**Work item**
Of the lines in the data below, write out exactly those from the one holding "have scale_le m" through the one holding "measurable A ->", both included.

#####

(* Let $k\ge4$ be even and let $(i,j\mid s,t)\in\mathcal{O}(\mathbb{C},k)$ be normalized, i.e. $0<i<j\le s<t\le k/2$. Then $j-i<t-s$, and consequently $j+s<i+t<k$.
   Context: $\phi=\exp(2\pi\mathrm{i}/k)$, $\mathbf{k}=\{1,\dots,k-1\}$, $\mathbf{k}_0=\{0,\dots,k-1\}$. A quadruple $(i,j\mid s,t)\in\mathbf{k}^4$ with $i\ne s$ is an overlap if $\phi^\omega(\phi^j-1)(\phi^s-1)=(\phi^i-1)(\phi^t-1)$ for some $\omega\in\mathbf{k}_0$; it is trivial if one of $i\equiv\pm j$, $j\equiv\pm t$, $t\equiv\pm s$, $s\equiv\pm i\pmod k$ holds, nontrivial otherwise. $\mathcal{O}(\mathbb{C},k)$ is the set of nontrivial overlaps. *)

From mathcomp Require Import all_boot all_algebra.
From mathcomp Require Import all_classical all_reals all_analysis.
From mathcomp Require Import complex.
Set Implicit Arguments. Unset Strict Implicit. Unset Printing Implicit Defensive.
Import GRing.Theory Num.Theory.
Local Open Scope ring_scope.
Local Open Scope complex_scope.

(* phi = exp(2 pi i / k) = cos(2 pi / k) + i sin(2 pi / k). *)
Definition phi (R : realType) (k : nat) : R[i] :=
  cos (2 * pi / k%:R) +i* sin (2 * pi / k%:R).

Definition in_k (k x : nat) : bool := (0 < x)%N && (x < k)%N.

Definition is_overlap (R : realType) (k i j s t : nat) : Prop :=
  [/\ [&& in_k k i, in_k k j, in_k k s & in_k k t], i != s &
   (exists2 w : nat, (w < k)%N &
     phi R k ^+ w * (phi R k ^+ j - 1) * (phi R k ^+ s - 1)
     = (phi R k ^+ i - 1) * (phi R k ^+ t - 1))].

Definition cong_pm (k a b : nat) : bool :=
  (a == b %[mod k]) || ((a + b) %% k == 0)%N.

Definition trivial_quad (k i j s t : nat) : bool :=
  [|| cong_pm k i j, cong_pm k j t, cong_pm k t s | cong_pm k s i].

Definition in_O (R : realType) (k i j s t : nat) : Prop :=
  is_overlap R k i j s t /\ ~~ trivial_quad k i j s t.

From mathcomp Require Import all_boot all_algebra.
From mathcomp Require Import all_classical all_reals all_analysis.
From mathcomp Require Import complex.
From mathcomp Require Import ring lra zify.

(* Write b = pi/k, so that phi = cos (2b) +i* sin (2b).  Taking
   squared moduli in the overlap identity removes the unit factor phi^w, and
   |phi^n - 1|^2 = 4 sin (n b)^2, so an overlap (i,j | s,t) forces
     sin (j b)^2 * sin (s b)^2 = sin (i b)^2 * sin (t b)^2.
   Suppose the quadruple is normalized but j - i >= t - s, i.e. i + t <= j + s.
   With A, B, C, D = j b, s b, i b, t b, the product-to-sum formula
     2 sin X sin Y = cos (Y - X) - cos (X + Y)
   and the monotonicity of cos on [0, pi] give sin C sin D < sin A sin B,
   because B - A < D - C and C + D <= A + B, all these angles lying in
   [0, pi].  Both products are nonnegative, so their squares differ too: a
   contradiction. *)

Import GRing.Theory Num.Theory order.Order.TTheory.
Local Open Scope ring_scope.
Local Open Scope complex_scope.

Section UnitCircle.
Variable R : realType.

Definition sqnorm (z : R[i]) : R := let: a +i* b := z in a ^+ 2 + b ^+ 2.

Lemma sqnormM (z w : R[i]) : sqnorm (z * w) = sqnorm z * sqnorm w.
Proof. by case: z => a b; case: w => c d /=; ring. Qed.

Definition cis (x : R) : R[i] := cos x +i* sin x.

Lemma cisD (x y : R) : cis x * cis y = cis (x + y).
Proof. by rewrite /cis cosD sinD /=; congr (_ +i* _); ring. Qed.

Lemma cisX (x : R) (n : nat) : cis x ^+ n = cis (n%:R * x).
Proof.
elim: n => [|n IHn]; first by rewrite expr0 mul0r /cis cos0 sin0.
by rewrite exprS IHn cisD mulrS mulrDl mul1r.
Qed.

Lemma sqnorm_cis (x : R) : sqnorm (cis x) = 1.
Proof. exact: cos2Dsin2. Qed.

Lemma sqnorm_cis_sub1 (y : R) : sqnorm (cis (y *+ 2) - 1) = 4 * sin y ^+ 2.
Proof.
by rewrite /= oppr0 addr0 sin2cos2 cos_mulr2n cos2sin2 mulr2n; ring.
Qed.

Lemma overlap_sin_sqr (k i j s t : nat) : is_overlap R k i j s t ->
  let b : R := pi / k%:R in
  sin (j%:R * b) ^+ 2 * sin (s%:R * b) ^+ 2
  = sin (i%:R * b) ^+ 2 * sin (t%:R * b) ^+ 2.
Proof.
move=> [_ _ [w _ Ew]] b.
have phiE n : phi R k ^+ n = cis ((n%:R * b) *+ 2).
  by rewrite /phi -/(cis _) cisX /b mulr2n; congr cis; ring.
have := congr1 sqnorm Ew.
rewrite !sqnormM !phiE sqnorm_cis !sqnorm_cis_sub1 mul1r => E.
apply: (mulfI (_ : 4 * 4 != 0 :> R)); first by rewrite mulf_neq0 ?pnatr_eq0.
transitivity (4 * sin (j%:R * b) ^+ 2 * (4 * sin (s%:R * b) ^+ 2)); first by ring.
by rewrite E; ring.
Qed.

End UnitCircle.

Section SineProducts.
Variable R : realType.

(* If the angle pair (A, B) is "closer together" than (C, D) while having at
   least as large a sum, all within [0, pi], then sin C sin D < sin A sin B:
   by 2 sin X sin Y = cos (Y - X) - cos (X + Y) and the strict decrease of
   cos on [0, pi]. *)
Lemma sin_mul_lt (A B C D : R) :
  0 <= A -> A <= B -> 0 <= C -> B - A < D - C -> D - C <= pi ->
  C + D <= A + B -> A + B <= pi ->
  sin C * sin D < sin A * sin B.
Proof.
move=> A0 AB C0 gap Dpi sum sumpi.
have cos_gap : cos (D - C) < cos (B - A).
  by rewrite ltr_cos ?in_itv /=; [|apply/andP; split; lra..].
have cos_sum : cos (A + B) <= cos (C + D).
  by rewrite leNgt ltr_cos ?in_itv /= -?leNgt //; apply/andP; split; lra.
have prodAB : 2 * (sin A * sin B) = cos (B - A) - cos (A + B).
  by rewrite cosB cosD; ring.
have prodCD : 2 * (sin C * sin D) = cos (D - C) - cos (C + D).
  by rewrite cosB cosD; ring.
lra.
Qed.

(* Under the same hypotheses C and D lie in [0, pi], so sin C sin D >= 0 and
   the strict inequality survives squaring. *)
Lemma sin_sqr_mul_lt (A B C D : R) :
  0 <= A -> A <= B -> 0 <= C -> B - A < D - C -> D - C <= pi ->
  C + D <= A + B -> A + B <= pi ->
  sin C ^+ 2 * sin D ^+ 2 < sin A ^+ 2 * sin B ^+ 2.
Proof.
move=> A0 AB C0 gap Dpi sum sumpi.
have sinC : 0 <= sin C by apply: sin_ge0_pi; apply/andP; split; lra.
have sinD : 0 <= sin D by apply: sin_ge0_pi; apply/andP; split; lra.
have lt_prod := sin_mul_lt A B C D A0 AB C0 gap Dpi sum sumpi.
have prodCD : 0 <= sin C * sin D by rewrite mulr_ge0.
by rewrite -!exprMn ltrXn2r // (le_trans prodCD) // ltW.
Qed.

End SineProducts.

Lemma no_overlap_of_small_gap (R : realType) (k i j s t : nat) : (0 < k)%N ->
  (i < j)%N -> (j <= s)%N -> (s < t)%N -> (j + s <= k)%N ->
  (i + t <= j + s)%N -> ~ is_overlap R k i j s t.
Proof.
move=> k0 ij js st sk gap /overlap_sin_sqr; set b := pi / k%:R => E.
have b0 : 0 < b by rewrite divr_gt0 ?pi_gt0 ?ltr0n.
have kb : k%:R * b = pi by rewrite mulrC -mulrA mulVf ?mulr1 // pnatr_eq0 -lt0n.
have scale_le m n : (m <= n)%N -> m%:R * b <= n%:R * b.
  by move=> mn; rewrite ler_pM2r // ler_nat.
have scale_lt m n : (m < n)%N -> m%:R * b < n%:R * b.
  by move=> mn; rewrite ltr_pM2r // ltr_nat.
have scale_ge0 n : 0 <= n%:R * b by rewrite mulr_ge0 // ltW.
have /scale_lt angle_gap : (s + i < t + j)%N by lia.
have /scale_le angle_span : (t <= i + k)%N by lia.
move: (scale_le _ _ gap) (scale_le _ _ sk) angle_gap angle_span.
rewrite !natrD !mulrDl kb => sum sumpi angle_gap angle_span.
have : sin (i%:R * b) ^+ 2 * sin (t%:R * b) ^+ 2
       < sin (j%:R * b) ^+ 2 * sin (s%:R * b) ^+ 2.
  by apply: sin_sqr_mul_lt; rewrite ?scale_ge0 ?scale_le //; lra.
by rewrite E ltxx.
Qed.

Theorem lemma23 (R : realType) (k i j s t : nat) :
  (4 <= k)%N -> ~~ odd k ->
  in_O R k i j s t ->
  [/\ (0 < i)%N, (i < j)%N, (j <= s)%N, (s < t)%N & (t <= k./2)%N] ->
  (j - i < t - s)%N /\ (j + s < i + t)%N /\ (i + t < k)%N.
Proof.
move=> k4 _ [overlap _] [i0 ij js st tk].
have halves : (k./2 + k./2 <= k)%N.
  by rewrite addnn -{2}(odd_double_half k) leq_addl.
move: (k./2) tk halves => h tk halves.
have gap : (j - i < t - s)%N.
  rewrite ltnNge; apply/negP => small_gap.
  by apply: (@no_overlap_of_small_gap R k i j s t _ ij js st _ _ overlap); lia.
by split=> //; lia.
Qed.
Lemma product_measureXT d1 d2 (T1 : measurableType d1) (T2 : measurableType d2)
    (R : realType) (m1 : measure T1 R) (m2 : probability T2 R) (A : set T1) :
  measurable A -> (m1 \x m2)%E (A `*` setT) = m1 A.
Proof.
move=> mA; rewrite product_measure1E // [X in (_ * X)%E](_ : _ = 1%E) ?mule1 //.
exact: probability_setT.
Qed.

Section LimnEinf.
Context {R : realType}.
Local Open Scope ereal_scope.
Implicit Types u : (\bar R)^nat.

Lemma limn_esup_lt_near u x : limn_esup u < x -> \forall n \near \oo, u n < x.
Proof.
rewrite /limn_esup limf_esupE => /ereal_inf_lt [_ [V Voo <-]] supV.
by apply: filterS Voo => n Vn; apply: le_lt_trans supV; apply: ereal_sup_ubound; exists n.
Qed.

Lemma limn_einf_ge_near u x : (\forall n \near \oo, x <= u n) -> x <= limn_einf u.
Proof.
move=> [N _ xu]; rewrite limn_einf_lim; apply: lime_ge; first exact: is_cvg_einfs.
near=> m; apply: le_ereal_inf_tmp => _ [k /= mk <-]; apply: xu => /=.
by rewrite (leq_trans _ mk) //; near: m; exists N.
Unshelve. all: by end_near. Qed.

Lemma limn_einf_ge_sub_esup (a b c : (\bar R)^nat) (x l : R) :
  (forall n, b n \is a fin_num) -> (forall n, c n \is a fin_num) ->
  (forall n, x%:E <= a n + b n + c n) ->
  limn_esup b <= l%:E -> c @ \oo --> 0 -> (x - l)%:E <= limn_einf a.
Proof.
move=> bfin cfin abc bl c0; apply/lee_addgt0Pr => e e0.
rewrite -leeBlDr // -EFinB; apply: limn_einf_ge_near.
have e2 : (0 < e / 2)%R by rewrite divr_gt0.
have b_lt : \forall n \near \oo, b n < (l + e / 2)%:E.
  by apply: limn_esup_lt_near; apply: le_lt_trans bl _; rewrite lte_fin ltrDl.
have c_lt : \forall n \near \oo, c n < (e / 2)%:E.
  by apply: limn_esup_lt_near; rewrite (cvg_limn_einf_sup c0).2 lte_fin.
move: b_lt c_lt; apply: filterS2 => n; move: (abc n).
rewrite -(fineK (bfin n)) -(fineK (cfin n)) !lte_fin.
by case: (a n) => [r||] //=; rewrite ?lee_fin ?leey //; lra.
Qed.

End LimnEinf.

#####

**Your response**
have scale_le m n : (m <= n)%N -> m%:R * b <= n%:R * b.
  by move=> mn; rewrite ler_pM2r // ler_nat.
have scale_lt m n : (m < n)%N -> m%:R * b < n%:R * b.
  by move=> mn; rewrite ltr_pM2r // ltr_nat.
have scale_ge0 n : 0 <= n%:R * b by rewrite mulr_ge0 // ltW.
have /scale_lt angle_gap : (s + i < t + j)%N by lia.
have /scale_le angle_span : (t <= i + k)%N by lia.
move: (scale_le _ _ gap) (scale_le _ _ sk) angle_gap angle_span.
rewrite !natrD !mulrDl kb => sum sumpi angle_gap angle_span.
have : sin (i%:R * b) ^+ 2 * sin (t%:R * b) ^+ 2
       < sin (j%:R * b) ^+ 2 * sin (s%:R * b) ^+ 2.
  by apply: sin_sqr_mul_lt; rewrite ?scale_ge0 ?scale_le //; lra.
by rewrite E ltxx.
Qed.

Theorem lemma23 (R : realType) (k i j s t : nat) :
  (4 <= k)%N -> ~~ odd k ->
  in_O R k i j s t ->
  [/\ (0 < i)%N, (i < j)%N, (j <= s)%N, (s < t)%N & (t <= k./2)%N] ->
  (j - i < t - s)%N /\ (j + s < i + t)%N /\ (i + t < k)%N.
Proof.
move=> k4 _ [overlap _] [i0 ij js st tk].
have halves : (k./2 + k./2 <= k)%N.
  by rewrite addnn -{2}(odd_double_half k) leq_addl.
move: (k./2) tk halves => h tk halves.
have gap : (j - i < t - s)%N.
  rewrite ltnNge; apply/negP => small_gap.
  by apply: (@no_overlap_of_small_gap R k i j s t _ ij js st _ _ overlap); lia.
by split=> //; lia.
Qed.
Lemma product_measureXT d1 d2 (T1 : measurableType d1) (T2 : measurableType d2)
    (R : realType) (m1 : measure T1 R) (m2 : probability T2 R) (A : set T1) :
  measurable A -> (m1 \x m2)%E (A `*` setT) = m1 A.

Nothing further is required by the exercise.